Implementation[OpenhouseCommitEventTablePartitionStats]: Implement partition-level statistics collection and publishing for tables in TableStatsCollectionSparkApp #413

srawat98-dev · 2025-12-11T10:22:21Z

Summary

I extended the existing TableStatsCollectionSparkApp to implement the logic for populating the OpenhouseCommitEventTablePartitionStats table.

This new table will serve as the partition-level source of truth for statistics and commit metadata across all OpenHouse datasets. The table contains exactly one row per partition, where the commit metadata reflects the latest commit that modified that partition. Each record includes:

Commit Metadata (from the latest commit that changed the respective partition)
- Commit ID (snapshot_id)
- Commit timestamp (committed_at)
- Commit App Id (spark app id)
- Commit App Name (spark app name)
- Commit operation (APPEND, DELETE, OVERWRITE, REPLACE)
Table Identifier (database, table, cluster, location, partition spec)
Partition Data (typed column values for all partition columns)
Table Level Stats (rowCount, columnCount)
Field/Column Level Stats (nullCount, nanCount, minValue, maxValue, columnSizeInBytes)

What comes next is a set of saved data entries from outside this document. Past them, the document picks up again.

(* Let $H$ be a real Hilbert space, $A:H\to 2^H$ a maximally monotone operator, and $(\gamma_n)$ a sequence of positive reals. Then the family $(J_{\gamma_nA})_{n\in\mathbb{N}}$ is jointly firmly nonexpansive with respect to $(\gamma_n)$.
   Context: For $\gamma>0$, $J_{\gamma A}:=(id_H+\gamma A)^{-1}$, which is single-valued and defined on all of $H$. $(T_n)$ is jointly firmly nonexpansive w.r.t. $(\gamma_n)$ if for all $n,m\in\mathbb{N}$, $x,y\in H$, $\alpha,\beta\in[0,1]$ with $(1-\alpha)\gamma_n=(1-\beta)\gamma_m$: $\|T_nx-T_my\|\le\|((1-\alpha)x+\alpha T_nx)-((1-\beta)y+\beta T_my)\|$. *)

From HB Require Import structures.
From mathcomp Require Import all_boot all_order all_algebra.
From mathcomp Require Import all_classical all_reals topology normedtype.
Set Implicit Arguments. Unset Strict Implicit. Unset Printing Implicit Defensive.
Import Order.TTheory GRing.Theory Num.Theory.
Import numFieldNormedType.Exports.
Local Open Scope classical_set_scope.
Local Open Scope ring_scope.

Definition is_hilbert_inner (R : realType) (H : completeNormedModType R)
  (ip : H -> H -> R) : Prop :=
  [/\ (forall x y, ip x y = ip y x),
      (forall a x y z, ip (a *: x + y) z = a * ip x z + ip y z),
      (forall x, 0 <= ip x x),
      (forall x, ip x x = 0 -> x = 0)
    & (forall x, `|x| ^+ 2 = ip x x)].

(* set-valued operators A : H -> 2^H are relations: A x is the set of values *)
Definition monotone_op (R : realType) (H : completeNormedModType R)
  (ip : H -> H -> R) (A : H -> set H) : Prop :=
  forall x y u v, A x u -> A y v -> 0 <= ip (x - y) (u - v).

Definition maximally_monotone (R : realType) (H : completeNormedModType R)
  (ip : H -> H -> R) (A : H -> set H) : Prop :=
  monotone_op ip A /\
  forall B : H -> set H, monotone_op ip B ->
    (forall x u, A x u -> B x u) -> B = A.

(* resolvent J_{gamma A} = (id + gamma A)^{-1}, as a set-valued map:
   p \in J x  iff  x \in p + gamma A p *)
Definition resolvent (R : realType) (H : completeNormedModType R)
  (gamma : R) (A : H -> set H) : H -> set H :=
  fun x => [set p | exists a, A p a /\ x = p + gamma *: a].

Definition jointly_firmly_nonexpansive (R : realType) (H : completeNormedModType R)
  (T : nat -> H -> H) (gamma : nat -> R) : Prop :=
  forall (n m : nat) (x y : H) (alpha beta : R),
    0 <= alpha <= 1 -> 0 <= beta <= 1 ->
    (1 - alpha) * gamma n = (1 - beta) * gamma m ->
    `|T n x - T m y| <=
      `|((1 - alpha) *: x + alpha *: T n x) - ((1 - beta) *: y + beta *: T m y)|.

From HB Require Import structures.
From mathcomp Require Import all_boot all_order all_algebra.
From mathcomp Require Import all_classical all_reals topology normedtype.
From mathcomp Require Import ring.
Import Order.TTheory GRing.Theory Num.Theory.
Import numFieldNormedType.Exports.
Local Open Scope classical_set_scope.
Local Open Scope ring_scope.

(* Write p = J_n x, so that x = p + gamma_n a with a in A p.  The relaxed point
   (1 - alpha) x + alpha p equals p + c a with c = (1 - alpha) gamma_n, and the
   coupling condition on alpha, beta makes the same c appear for y and q = J_m y.
   Then |(p - q) + c (a - b)|^2 = |p - q|^2 + 2c <p - q, a - b> + c^2 |a - b|^2,
   and the middle term is nonnegative by monotonicity of A. *)

Lemma relax_addZ (K : pzRingType) (V : lmodType K) (t g : K) (p a : V) :
  (1 - t) *: (p + g *: a) + t *: p = p + ((1 - t) * g) *: a.
Proof. by rewrite scalerDr scalerA addrAC -scalerDl subrK scale1r. Qed.

Section InnerProduct.
Variables (R : realFieldType) (V : normedModType R) (ip : V -> V -> R).
Hypothesis ipC : forall x y, ip x y = ip y x.
Hypothesis ipDZl : forall a x y z, ip (a *: x + y) z = a * ip x z + ip y z.
Hypothesis ip_norm : forall x, `|x| ^+ 2 = ip x x.

Lemma sqr_normDZ (d e : V) (c : R) :
  `|d + c *: e| ^+ 2 = `|d| ^+ 2 + c *+ 2 * ip d e + c ^+ 2 * `|e| ^+ 2.
Proof.
rewrite !ip_norm (addrC d) ipDZl (ipC e) ipDZl (ipC d (_ + _)) ipDZl (ipC e d).
ring.
Qed.

Lemma ler_normDZ (d e : V) (c : R) :
  0 <= c -> 0 <= ip d e -> `|d| <= `|d + c *: e|.
Proof.
move=> c0 de0.
rewrite -(@ler_pXn2r _ 2%N) ?nnegrE ?normr_ge0 // sqr_normDZ -addrA lerDl.
by apply: addr_ge0; apply: mulr_ge0; rewrite ?mulrn_wge0 ?sqr_ge0 ?ip_norm.
Qed.

Lemma ler_norm_subDZ (p q a b : V) (c : R) :
  0 <= c -> 0 <= ip (p - q) (a - b) ->
  `|p - q| <= `|(p + c *: a) - (q + c *: b)|.
Proof.
move=> c0 pqab0.
have -> : p + c *: a - (q + c *: b) = (p - q) + c *: (a - b).
  by rewrite scalerBr opprD addrACA.
exact: ler_normDZ.
Qed.

End InnerProduct.

Theorem proposition3p21 (R : realType) (H : completeNormedModType R)
  (ip : H -> H -> R) (Hip : is_hilbert_inner ip)
  (A : H -> set H) (HA : maximally_monotone ip A)
  (gamma : nat -> R) (Hgamma : forall n, 0 < gamma n)
  (J : nat -> H -> H)
  (HJ : forall n x, resolvent (gamma n) A x (J n x)) :
  jointly_firmly_nonexpansive J gamma.
Proof.
case: Hip => ipC ipDZl _ _ ip_norm; case: HA => monoA _.
move=> n m x y al be /andP[_ al1] _ coupling.
have [a [Aa Ex]] := HJ n x; have [b [Ab Ey]] := HJ m y.
set p := J n x in Aa Ex *; set q := J m y in Ab Ey *.
rewrite Ex Ey !relax_addZ -coupling.
apply: (@ler_norm_subDZ R H ip ipC ipDZl ip_norm); last exact: monoA.
by apply: mulr_ge0; [rewrite subr_ge0 | exact: ltW].
Qed.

This enables granular partition-level analytics and monitoring, providing:

Partition-level statistics - Access detailed metrics (row counts, column stats) for each partition
Latest state tracking - Know the current state of each partition and when it was last modified
Fine-grained monitoring - Monitor data quality and distribution at partition granularity
Optimized queries - Identify partitions to scan based on min/max values and data freshness
Data profiling - Analyze data characteristics (nulls, NaNs, size) per partition for optimization
Incremental processing - Efficiently identify which partitions contain relevant data for downstream pipelines

Output

This PR ensures the TableStatsCollectionSparkApp executes all 4 collection tasks (table stats, commit events, partition events, and partition stats) synchronously while maintaining complete data collection and publishing functionality.

End-to-End Verification (Docker)

1. Sequential Execution Timeline

25/12/11 09:08:26 INFO spark.TableStatsCollectionSparkApp: Starting table stats collection for table: testdb.partition_stats_test 25/12/11 09:08:36 INFO spark.TableStatsCollectionSparkApp: Completed table stats collection for table: testdb.partition_stats_test in 9694 ms

25/12/11 09:08:36 INFO spark.TableStatsCollectionSparkApp: Starting commit events collection for table: testdb.partition_stats_test 25/12/11 09:08:38 INFO spark.TableStatsCollectionSparkApp: Completed commit events collection for table: testdb.partition_stats_test (3 events) in 2258 ms

25/12/11 09:08:38 INFO spark.TableStatsCollectionSparkApp: Starting partition events collection for table: testdb.partition_stats_test 25/12/11 09:08:41 INFO spark.TableStatsCollectionSparkApp: Completed partition events collection for table: testdb.partition_stats_test (3 partition events) in 3282 ms

25/12/11 09:08:41 INFO spark.TableStatsCollectionSparkApp: Starting partition stats collection for table: testdb.partition_stats_test 25/12/11 09:08:49 INFO spark.TableStatsCollectionSparkApp: Completed partition stats collection for table: testdb.partition_stats_test (3 partition stats) in 7895 ms

25/12/11 09:08:49 INFO spark.TableStatsCollectionSparkApp: Total collection time for table: testdb.partition_stats_test in 23137 ms

Key Points:

✅ Tasks execute sequentially (no overlapping timestamps)
✅ Each task starts immediately after previous completes
✅ Total time = sum of individual tasks (9.7s + 2.3s + 3.3s + 7.9s = 23.1s)
✅ No "parallel execution" in log message (synchronous pattern confirmed)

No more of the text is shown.